Tuesday, July 03, 2007

In the tripod marks of Michael Kenna



Onna, Okinawa, Japan.
(Mr. Kenna chose to face a different direction though.)

Comments:
I am visually drawn me to the lighter bags in the foreground and then the next set of bags just beyond. After that my eyes are pulled up into the very lght sky/clouds. The image is unsettleing for me and I think that I there are two strong competing areas. As much as I would like to take in the whole image, it is difficult.
 

First, thanks for the introduction to Kenna's work. The only work of his that seems connected to Okinawa that I could find was a seascape, so is that the sea behind you?

This is a very intriguing shot as it mainly hints at things - characteristic Japanese landscape, peasant activity in the fields - but then sets plastic bags as the main object that the eye settles on! Then the bags don't seem to be connected to what is growing in the field (looks like grass to me), the woman on the left seems to be sweeping with a broomstick and the vegetation is scrubby. But the path on the left would certainly attract me to seek the view the other side.

Despite all the incompleteness, the elusiveness of activity and the annoyingly small scale of the figures the picture still seems to draw quite strong brush strokes.
 
There was a link in the bracketed language under my photo that was not easy to spot. Over my shoulder it looked like this:

http://www.michaelkenna.net/html/japan02/l23.html
 
That was the one that I found!
 
A whole career could await somebody in the field of 'what it really looked like when MK took the photo'. I always feel when looking at his stuff that they reveal much but hide more.

When I first saw this photo I wondered whether Japan was such a clean place that they vacuum pack their sheep before letting them out to graze....it took a while for the real subject matter to sink in.

I get the same feel of competing highlights that Doug mentioned.
 
Now Colin, your comment makes me feel like I am thick. I have come back to this picture several times and I fail to see the subject matter. OK, I see the plastic bags but... sorry, I don't see anything.
 
Stephane,

All I meant was that I had invented a subject that wasn't there. There are no shrink wrapped sheep.
 
An interesting idea -- to shoot the same place, but in another direction. I find myself wishing the foreground bags of whatever were not there. The figures are interesting, but it took me a bit of looking to find them and then to register what they were! Maybe that only says something about my deteriorating near vision, though!
 
Well, I had to look up Michael Kenna (interesting stuff). I'm not sure about this as it stands, but I think cropping off the top and bottom would really give you something. This would exaggerate the four parallel lines - bags, pickers, trees, sky.
 
I enjoyed exploring Michael Kenna's work although the quality of the web images was poor I would like to see some full size prints.
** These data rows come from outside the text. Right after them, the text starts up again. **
Lemma toR_eta_decomposition (P : {poly {poly F}}) :
  toR P = \sum_(k < l) sepR (eta k) P.[(node k)%:P].
Proof.
have P_eta : P = (\sum_(k < l) eta k)^:P * P by rewrite sum_eta // rmorph1 mul1r.
rewrite {1}P_eta rmorph_sum mulr_suml toR_sum //; apply: eq_bigr => k _.
exact: toR_mul_eta.
Qed.

Lemma sepR_eta_independent (f : 'I_l -> {poly F}) :
  \sum_(k < l) sepR (eta k) (f k) = 0 -> forall k, f k %% Xs = 0.
Proof.
move=> sum0 k; apply/polyP => i; rewrite coef0.
have [i_lt | i_ge] := ltnP i s; last first.
  by rewrite nth_default // (leq_trans (size_modXs alpha s_gt0 _)).
suff comb0 : \sum_(m < l) (f m %% Xs)`_i *: eta m = 0.
  exact: (eta_comb_eq0 w_prim comb0).
apply/polyP => j; rewrite coef0 coef_sum; have [j_lt | j_ge] := ltnP j l.
  have := congr1 (fun M : 'M_(s, l) => M (Ordinal i_lt) (Ordinal j_lt)) sum0.
  rewrite summxE mxE /= => entry0; rewrite -[RHS]entry0; apply: eq_bigr => m _.
  by rewrite sepRE ?size_eta // mxE coefZ.
apply: big1 => m _; rewrite coefZ [(eta m)`_j]nth_default ?mulr0 //.
exact: leq_trans (size_eta r w (ltn_ord m)) j_ge.
Qed.

End EtaDecomposition.

Section IdealBasis.
Variables (F : fieldType) (s l r : nat) (alpha beta w : F).
Variables (C : {vspace 'M[F]_(s, l)}) (p : nat -> {poly F}).
Hypotheses (s_gt0 : (0 < s)%N) (l_gt0 : (0 < l)%N).
Hypotheses (w_prim : (r * l).-primitive_root w) (w_l : w ^+ l = beta).
Local Notation node k := (w ^+ (1 + k * r)).
Local Notation eta := (Defs.eta l r w).
Local Notation Xs := ('X^s - alpha%:P).
Local Notation sepR := (sepR s l alpha beta).
Hypothesis C_ideal : is_idealR s l alpha beta C.
Hypothesis p_dvd : forall j, (j < l)%N -> p j %| Xs.
Hypothesis p_gen : forall j f, (j < l)%N ->
  sepR (eta j) f \in C <-> exists g, f %% Xs = (g * p j) %% Xs.
Local Notation B j :=
  [seq sepR (eta j) ('X^i * p j) | i <- iota 0 (s - (size (p j)).-1)].

Lemma ideal_components_span : (\sum_(j < l) <<B j>>)%VS = C.
Proof.
apply/eqP; rewrite eqEsubv; apply/andP; split.
  apply/subv_sumP => j _; apply/span_subvP => _ /mapP[i _ ->].
  by apply/p_gen => //; exists 'X^i.
apply/subvP => c cC; have [P toRP] := toR_surj alpha beta s_gt0 l_gt0 c.
rewrite -{}toRP in cC *.
rewrite (toR_eta_decomposition s alpha l_gt0 w_prim w_l); apply: memv_sumr => k _.
have kl := ltn_ord k.
have /p_gen[// | g eq_g] : sepR (eta k) P.[(node k)%:P] \in C.
  by rewrite -toR_mul_eta //; apply: C_ideal.
apply/span_sepR_mulP; rewrite ?size_eta ?p_dvd //.
by exists g; rewrite -sepR_modp ?size_eta // eq_g sepR_modp ?size_eta.
Qed.

Lemma ideal_components_direct : directv (\sum_(j < l) <<B j>>).
Proof.
apply/directv_sum_independent => us us_in sum0 k _.
have /fin_all_exists[g eq_g] : forall j : 'I_l, exists g, us j = sepR (eta j) (g * p j).
  by move=> j; apply/span_sepR_mulP: (us_in j isT); rewrite ?size_eta ?p_dvd.
have comp0 := sepR_eta_independent (alpha := alpha) (beta := beta) s_gt0 l_gt0 w_prim
  (f := fun j => g j * p j).
rewrite eq_g -sepR_modp ?size_eta // comp0 ?linear0 //.
by under eq_bigr do rewrite -eq_g.
Qed.

End IdealBasis.

Theorem theorem2 (F : finFieldType) (s l r : nat) (alpha beta w : F)
  (C : {vspace 'M[F]_(s, l)}) (p : nat -> {poly F}) :
  (0 < s)%N -> (0 < l)%N ->
  alpha != 0 -> beta != 0 ->
  r.-primitive_root beta ->
  #|F| = 1 %[mod r * l] ->
  (r * l).-primitive_root w -> w ^+ l = beta ->
  is_idealR s l alpha beta C ->
  (forall j, (j < l)%N ->
     [/\ p j \is monic, p j %| 'X^s - alpha%:P &
         forall f : {poly F},
           toR s l alpha beta (etaf l r w j f) \in C <->
           exists g : {poly F},
             f %% ('X^s - alpha%:P) = (g * p j) %% ('X^s - alpha%:P)]) ->
  basis_of C
    [seq toR s l alpha beta (etaf l r w j ('X^i * p j))
       | j <- iota 0 l, i <- iota 0 (s - (size (p j)).-1)].
Proof.
move=> s_gt0 l_gt0 _ _ _ _ w_prim w_l C_ideal p_spec.
have p_dvd j : (j < l)%N -> p j %| 'X^s - alpha%:P by case/p_spec.
have p_gen j f : (j < l)%N -> sepR s l alpha beta (Defs.eta l r w j) f \in C <->
    exists g, f %% ('X^s - alpha%:P) = (g * p j) %% ('X^s - alpha%:P).
  by case/p_spec => _ _; apply.
rewrite allpairs_iota_bigcat /basis_of span_bigcat.
rewrite (ideal_components_span s_gt0 l_gt0 w_prim w_l C_ideal p_dvd p_gen) eqxx /=.
apply: bigcat_free => [|j _].
  exact: (ideal_components_direct beta s_gt0 l_gt0 w_prim p_dvd).
by apply: free_sepR_mul; rewrite ?eta_neq0 ?size_eta ?p_dvd.
Qed.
I am confused by the bags, shrink wrapped sheep, and the human interest which looks like they should be a part of the story is indistinct.
 
Rex,

Kenna's books are very high quality - some of the best that I've seen, in fact.

The original prints are quite small so you don't lose any sense of scale by seeing book reproductions.
 
Thanks for all the feedback. I'm with Stephane a little on this - no subject. But it does form part of an ongoing series of photographs in famous Japanese tourist photo-oportunity sites and then take the opposite shot. Started it in Nikko with a picture of the less famous bridge taken from the slightly more famous bridge.

From this shot the tourists arrive on the top left pathway walk around to look at the elephant rock formation then circle around and off again to the next site on the path to the right. This centre piece is plain grass and the ladies in the picture are picking out weeds...
 
This is a shot of the more famous bridge in Nikko taken from the less famous one. Will dig out the latter one from my archives and post.